# What is needed
Each record that follows must be reproduced exactly.
(Supplied records begins)
(* Let $G=(V,E)$ be a strongly biconnected directed graph and let $U\subseteq E$ be such that the directed subgraph $G_1=(V,U)$ is strongly connected but the underlying undirected graph of $G_1$ is not biconnected. Let $(v,w)\in E\setminus U$ be an edge such that $v$ and $w$ are not in the same strongly biconnected component of $G_1$. Then the directed subgraph $(V,U\cup\{(v,w)\})$ has fewer strongly biconnected components than $G_1$.
   Context: A directed graph is strongly biconnected if it is strongly connected and its underlying undirected graph (obtained by ignoring edge directions) is biconnected. A strongly biconnected component of a directed graph is a maximal strongly biconnected subgraph of it (in the sense of Wu and Grumbach); two vertices are in the same strongly biconnected component if some strongly biconnected component contains both. *)

(* Finite directed graphs on a finType T; an edge set is a
   {set T * T}.  A (directed) subgraph is a pair (S, F) of a vertex set S and
   an edge set F whose edges have both endpoints in S. *)
From mathcomp Require Import all_boot.
Set Implicit Arguments. Unset Strict Implicit. Unset Printing Implicit Defensive.

Section Digraphs.
Variable T : finType.

Definition darc (S : {set T}) (F : {set T * T}) : rel T :=
  fun x y => [&& x \in S, y \in S & (x, y) \in F].

Definition uarc (S : {set T}) (F : {set T * T}) : rel T :=
  fun x y => darc S F x y || darc S F y x.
(Supplied records ends)
# Reply
(* Let $G=(V,E)$ be a strongly biconnected directed graph and let $U\subseteq E$ be such that the directed subgraph $G_1=(V,U)$ is strongly connected but the underlying undirected graph of $G_1$ is not biconnected. Let $(v,w)\in E\setminus U$ be an edge such that $v$ and $w$ are not in the same strongly biconnected component of $G_1$. Then the directed subgraph $(V,U\cup\{(v,w)\})$ has fewer strongly biconnected components than $G_1$.
   Context: A directed graph is strongly biconnected if it is strongly connected and its underlying undirected graph (obtained by ignoring edge directions) is biconnected. A strongly biconnected component of a directed graph is a maximal strongly biconnected subgraph of it (in the sense of Wu and Grumbach); two vertices are in the same strongly biconnected component if some strongly biconnected component contains both. *)

(* Finite directed graphs on a finType T; an edge set is a
   {set T * T}.  A (directed) subgraph is a pair (S, F) of a vertex set S and
   an edge set F whose edges have both endpoints in S. *)
From mathcomp Require Import all_boot.
Set Implicit Arguments. Unset Strict Implicit. Unset Printing Implicit Defensive.

Section Digraphs.
Variable T : finType.

Definition darc (S : {set T}) (F : {set T * T}) : rel T :=
  fun x y => [&& x \in S, y \in S & (x, y) \in F].

Definition uarc (S : {set T}) (F : {set T * T}) : rel T :=
  fun x y => darc S F x y || darc S F y x.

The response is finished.